**Task goal**.
Restate word for word the lines in the listing below, starting at the line containing "d := S j in" and ending at the line containing "Lemma csum_mult_l n", both included; leave out the rest.

**Source material**.
Definition is_hecke_eigenform (k : nat) (a : nat -> C) : Prop :=
  forall n : nat, (1 <= n)%nat ->
    exists lam : C, forall m : nat, hecke k n a m = lam * a m.

(** Rising factorial x (x+1) ... (x+m-1) = Gamma(x+m)/Gamma(x). *)
Fixpoint rising (x : R) (m : nat) : R :=
  match m with
  | O => 1%R
  | S m' => (rising x m' * (x + INR m'))%R
  end.

(** Rankin-Cohen coefficient
    (-1)^(nu-i) binom(nu,i) Gamma(k1+nu)Gamma(k2+nu)/(Gamma(k1+i)Gamma(k2+nu-i)). *)
Definition rc_weight (k1 k2 : R) (nu i : nat) : R :=
  ((-1) ^ (nu - i) * Binomial.C nu i *
   rising (k1 + INR i) (nu - i) * rising (k2 + INR (nu - i)) i)%R.

(** Rankin-Cohen bracket on q-expansions: (2 pi i)^{-1} d/dtau acts on
    sum c(n) q^n as multiplication of c(n) by n, and products of q-series
    are Cauchy products. *)
Definition rc_bracket (k1 k2 : R) (nu : nat) (c1 c2 : nat -> C) (n : nat) : C :=
  sum_n (fun i =>
     RtoC (rc_weight k1 k2 nu i) *
     sum_n (fun m => pow_n (RtoC (INR m)) i * c1 m *
                     (pow_n (RtoC (INR (n - m))) (nu - i) * c2 (n - m)%nat)) n) nu.

(** q-expansion of theta(tau) = sum_{m in Z} q^{m^2}:
    coefficient n = #{m in Z : m^2 = n} (such m satisfy |m| <= n). *)
Definition theta_coef (n : nat) : C :=
  RtoC (INR (length (filter (fun m : Z => Z.eqb (m * m) (Z.of_nat n))
                      (map (fun j => (Z.of_nat j - Z.of_nat n)%Z) (seq 0 (2 * n + 1)))))).

Definition dilate4 (a : nat -> C) (n : nat) : C :=
  if Nat.eqb (n mod 4) 0 then a (n / 4)%nat else RtoC 0.

(** First Shimura map for weight lam + 1/2:
    sum_{n>=1} c(n) q^n |-> sum_{n>=1} (sum_{d|n} d^(lam-1) c(n^2/d^2)) q^n. *)
Definition shimura1 (lam : nat) (c : nat -> C) (n : nat) : C :=
  match n with
  | O => RtoC 0
  | S _ => sum_n (fun j => let d := S j in
             if Nat.eqb (n mod d) 0
             then pow_n (RtoC (INR d)) (lam - 1) * c ((n * n) / (d * d))%nat
             else RtoC 0) (n - 1)
  end.

From Stdlib Require Import Reals ZArith List Lia Lra.
From Coquelicot Require Import Coquelicot.
Open Scope C_scope.

(* The coefficient of [q^(N^2)] in [[theta, f(4 tau)]_nu] only involves the pairs
   [(s^2, 4 m (N - m))] with [s = |N - 2 m|], so it is [sum_m G(m, N - m) a(m (N - m))] for a
   homogeneous polynomial [G] of degree [2 nu]; a Vandermonde convolution shows that
   [(k + 2 nu - 1)! / (k + nu - 1)! * G] is the polynomial [Q] carrying the weights of
   [[f, f]_(2 nu)], whose [n]-th coefficient is [sum_m Q(m, n - m) a(m) a(n - m)].  Expanding
   [a(m) a(n - m)] by Hecke multiplicativity, the divisors [d | (m, n)] are exactly those of the
   Shimura map, and [d^(2 nu)] is absorbed by the homogeneity of [Q].

   At [k = 0] the exponent [k - 1] of the Hecke operators is truncated to [0] and the identity
   would fail, but there is no such form: a cusp form of weight 0 is [SL_2(Z)]-invariant, hence
   bounded on the upper half plane by its values on [Im tau >= 1/2], and discrete Fourier
   averaging then bounds its coefficients too well for [a(0) = 0] and [a(1) = 1] to hold. *)

Section FiniteSums.

Fixpoint csum (n : nat) (f : nat -> C) : C :=
  match n with O => 0 | S n' => csum n' f + f n' end.

Lemma sum_n_csum (f : nat -> C) n : sum_n f n = csum (S n) f.
Proof.
  induction n as [|n IH].
  - rewrite sum_O. simpl. ring.
  - rewrite sum_Sn, IH. reflexivity.
Qed.

Lemma csum_ext n (f g : nat -> C) :
  (forall i, (i < n)%nat -> f i = g i) -> csum n f = csum n g.
Proof.
  induction n as [|n IH]; intros H; simpl; auto.
  rewrite IH by (intros; apply H; lia). rewrite H by lia. reflexivity.
Qed.

Lemma csum_add n (f g : nat -> C) : csum n (fun i => f i + g i) = csum n f + csum n g.
Proof. induction n as [|n IH]; simpl; [ring | rewrite IH; ring]. Qed.

Lemma csum_mult_l n (c : C) (f : nat -> C) : csum n (fun i => c * f i) = c * csum n f.
Proof. induction n as [|n IH]; simpl; [ring | rewrite IH; ring]. Qed.

Lemma csum_mult_r n (f : nat -> C) (c : C) : csum n (fun i => f i * c) = csum n f * c.
Proof. induction n as [|n IH]; simpl; [ring | rewrite IH; ring]. Qed.

Lemma csum_eq0 n (f : nat -> C) : (forall i, (i < n)%nat -> f i = 0) -> csum n f = 0.
Proof.
  induction n as [|n IH]; intros H; simpl; auto.
  rewrite IH by (intros; apply H; lia). rewrite H by lia. ring.
Qed.

Lemma csum_const n (c : C) : csum n (fun _ => c) = RtoC (INR n) * c.
Proof. induction n as [|n IH]; simpl csum; [simpl; ring | rewrite IH, S_INR, RtoC_plus; ring]. Qed.

Lemma csum_cat n m (f : nat -> C) :
  csum (n + m) f = csum n f + csum m (fun i => f (n + i)%nat).
Proof.
  induction m as [|m IH]; simpl.
  - rewrite Nat.add_0_r. ring.
  - rewrite Nat.add_succ_r. simpl. rewrite IH. ring.
Qed.

Lemma csum_first n (f : nat -> C) : csum (S n) f = f O + csum n (fun i => f (S i)).
Proof. rewrite <- (Nat.add_1_l n) at 1. rewrite csum_cat. simpl. ring. Qed.

Lemma csum_swap n m (f : nat -> nat -> C) :
  csum n (fun i => csum m (fun j => f i j)) = csum m (fun j => csum n (fun i => f i j)).
Proof.
  induction n as [|n IH]; simpl.
  - rewrite csum_eq0; auto.
  - rewrite IH, <- csum_add. reflexivity.
Qed.

Lemma csum_rev n (f : nat -> C) : csum n f = csum n (fun i => f (n - 1 - i)%nat).
Proof.
  induction n as [|n IH]; auto.
  change (csum (S n) f) with (csum n f + f n). rewrite IH, csum_first, Cplus_comm.
  f_equal; [f_equal; lia | apply csum_ext; intros; f_equal; lia].
Qed.

Lemma csum_restrict n m (f : nat -> C) : (m <= n)%nat ->
  csum n (fun i => if Nat.ltb i m then f i else 0) = csum m f.
Proof.
  intros H. replace n with (m + (n - m))%nat by lia. rewrite csum_cat, (csum_eq0 (n - m)).
  - rewrite Cplus_0_r. apply csum_ext. intros i Hi.
    destruct (Nat.ltb_spec i m); [reflexivity | lia].
  - intros i _. destruct (Nat.ltb_spec (m + i) m); [lia | reflexivity].
Qed.

Lemma csum_shift o n J (f : nat -> C) : (o + n <= J)%nat ->
  csum n f =
  csum J (fun j => if andb (Nat.leb o j) (Nat.ltb j (o + n)) then f (j - o)%nat else 0).
Proof.
  intros H. replace J with (o + (n + (J - o - n)))%nat by lia. rewrite !csum_cat.
  rewrite (csum_eq0 o), (csum_eq0 (J - o - n)).
  - rewrite Cplus_0_l, Cplus_0_r. apply csum_ext. intros i Hi.
    destruct (Nat.leb_spec o (o + i)), (Nat.ltb_spec (o + i) (o + n)); try lia.
    simpl. f_equal. lia.
  - intros i _. destruct (Nat.ltb_spec (o + (n + i)) (o + n)); [lia|].
    rewrite Bool.andb_false_r. reflexivity.
  - intros i Hi. destruct (Nat.leb_spec o i); [lia | reflexivity].
Qed.

Lemma csum_telescope N (g : nat -> C) : csum N (fun j => g (S j) - g j) = g N - g O.
Proof. induction N as [|N IH]; simpl csum; [simpl; ring | rewrite IH; ring]. Qed.

Lemma csum_norm_le N (f : nat -> C) (K : R) :
  (forall j, (j < N)%nat -> Cmod (f j) <= K)%R -> (Cmod (csum N f) <= INR N * K)%R.
Proof.
  induction N as [|N IH]; intros H; simpl csum.
  - rewrite Cmod_0. simpl. lra.
  - eapply Rle_trans; [apply Cmod_triangle|]. rewrite S_INR.
    pose proof (IH ltac:(intros; apply H; lia)). pose proof (H N ltac:(lia)). lra.
Qed.

Lemma RtoC_sum_f_R0 (f : nat -> R) n :
  RtoC (sum_f_R0 f n) = csum (S n) (fun i => RtoC (f i)).
Proof.
  induction n as [|n IH]; simpl; [ring | rewrite RtoC_plus, IH; reflexivity].
Qed.

Lemma pow_n_RtoC (x : R) n : pow_n (RtoC x) n = RtoC (x ^ n).
Proof. induction n as [|n IH]; [reflexivity | simpl; rewrite IH, RtoC_mult; reflexivity]. Qed.

End FiniteSums.

Section Binomials.

(* [Binomial.C n k] is junk for [k > n] (truncated [n - k]); [binom] is [0] there. *)
Definition binom (n k : nat) : R := if Nat.leb k n then Binomial.C n k else 0%R.

Lemma binom_0 n : binom n 0 = 1%R.
Proof. unfold binom, Binomial.C. simpl. rewrite Nat.sub_0_r. field. apply INR_fact_neq_0. Qed.

Lemma binom_pascal n c : binom (S n) (S c) = (binom n c + binom n (S c))%R.
Proof.
  unfold binom. destruct (Nat.ltb_spec c n) as [Hc|Hc].
  - destruct (Nat.leb_spec (S c) (S n)), (Nat.leb_spec c n), (Nat.leb_spec (S c) n); try lia.
    symmetry. apply pascal. exact Hc.
  - destruct (Nat.eq_dec c n) as [->|Hne].
    + destruct (Nat.leb_spec (S n) (S n)), (Nat.leb_spec n n), (Nat.leb_spec (S n) n); try lia.
      unfold Binomial.C. rewrite !Nat.sub_diag. simpl (INR (fact 0)).
      field. split; apply INR_fact_neq_0.
    + destruct (Nat.leb_spec (S c) (S n)), (Nat.leb_spec c n), (Nat.leb_spec (S c) n); try lia.
      ring.
Qed.

Lemma vandermonde a b c :
  csum (S c) (fun s => RtoC (binom a s * binom b (c - s))) = RtoC (binom (a + b) c).
Proof.
  revert c. induction a as [|a IH]; intros c.
  - rewrite csum_first, csum_eq0, binom_0, Nat.sub_0_r, Cplus_0_r.
    + f_equal. simpl. ring.
    + intros i _. unfold binom. simpl. f_equal. ring.
  - destruct c as [|c].
    + simpl. rewrite !binom_0, Cplus_0_l. f_equal. ring.
    + rewrite csum_first, (csum_ext _ _ (fun s =>
        RtoC (binom a s * binom b (c - s)) + RtoC (binom a (S s) * binom b (S c - S s)))).
      2:{ intros i _. rewrite binom_pascal, <- RtoC_plus. f_equal. simpl (S c - S i)%nat. ring. }
      rewrite csum_add, IH. replace (S a + b)%nat with (S (a + b)) by lia.
      rewrite binom_pascal, RtoC_plus, <- (IH (S c)), (csum_first (S c)), !binom_0.
      rewrite Nat.sub_0_r. ring.
Qed.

**Answer box**.
  | S _ => sum_n (fun j => let d := S j in
             if Nat.eqb (n mod d) 0
             then pow_n (RtoC (INR d)) (lam - 1) * c ((n * n) / (d * d))%nat
             else RtoC 0) (n - 1)
  end.

From Stdlib Require Import Reals ZArith List Lia Lra.
From Coquelicot Require Import Coquelicot.
Open Scope C_scope.

(* The coefficient of [q^(N^2)] in [[theta, f(4 tau)]_nu] only involves the pairs
   [(s^2, 4 m (N - m))] with [s = |N - 2 m|], so it is [sum_m G(m, N - m) a(m (N - m))] for a
   homogeneous polynomial [G] of degree [2 nu]; a Vandermonde convolution shows that
   [(k + 2 nu - 1)! / (k + nu - 1)! * G] is the polynomial [Q] carrying the weights of
   [[f, f]_(2 nu)], whose [n]-th coefficient is [sum_m Q(m, n - m) a(m) a(n - m)].  Expanding
   [a(m) a(n - m)] by Hecke multiplicativity, the divisors [d | (m, n)] are exactly those of the
   Shimura map, and [d^(2 nu)] is absorbed by the homogeneity of [Q].

   At [k = 0] the exponent [k - 1] of the Hecke operators is truncated to [0] and the identity
   would fail, but there is no such form: a cusp form of weight 0 is [SL_2(Z)]-invariant, hence
   bounded on the upper half plane by its values on [Im tau >= 1/2], and discrete Fourier
   averaging then bounds its coefficients too well for [a(0) = 0] and [a(1) = 1] to hold. *)

Section FiniteSums.

Fixpoint csum (n : nat) (f : nat -> C) : C :=
  match n with O => 0 | S n' => csum n' f + f n' end.

Lemma sum_n_csum (f : nat -> C) n : sum_n f n = csum (S n) f.
Proof.
  induction n as [|n IH].
  - rewrite sum_O. simpl. ring.
  - rewrite sum_Sn, IH. reflexivity.
Qed.

Lemma csum_ext n (f g : nat -> C) :
  (forall i, (i < n)%nat -> f i = g i) -> csum n f = csum n g.
Proof.
  induction n as [|n IH]; intros H; simpl; auto.
  rewrite IH by (intros; apply H; lia). rewrite H by lia. reflexivity.
Qed.

Lemma csum_add n (f g : nat -> C) : csum n (fun i => f i + g i) = csum n f + csum n g.
Proof. induction n as [|n IH]; simpl; [ring | rewrite IH; ring]. Qed.

Lemma csum_mult_l n (c : C) (f : nat -> C) : csum n (fun i => c * f i) = c * csum n f.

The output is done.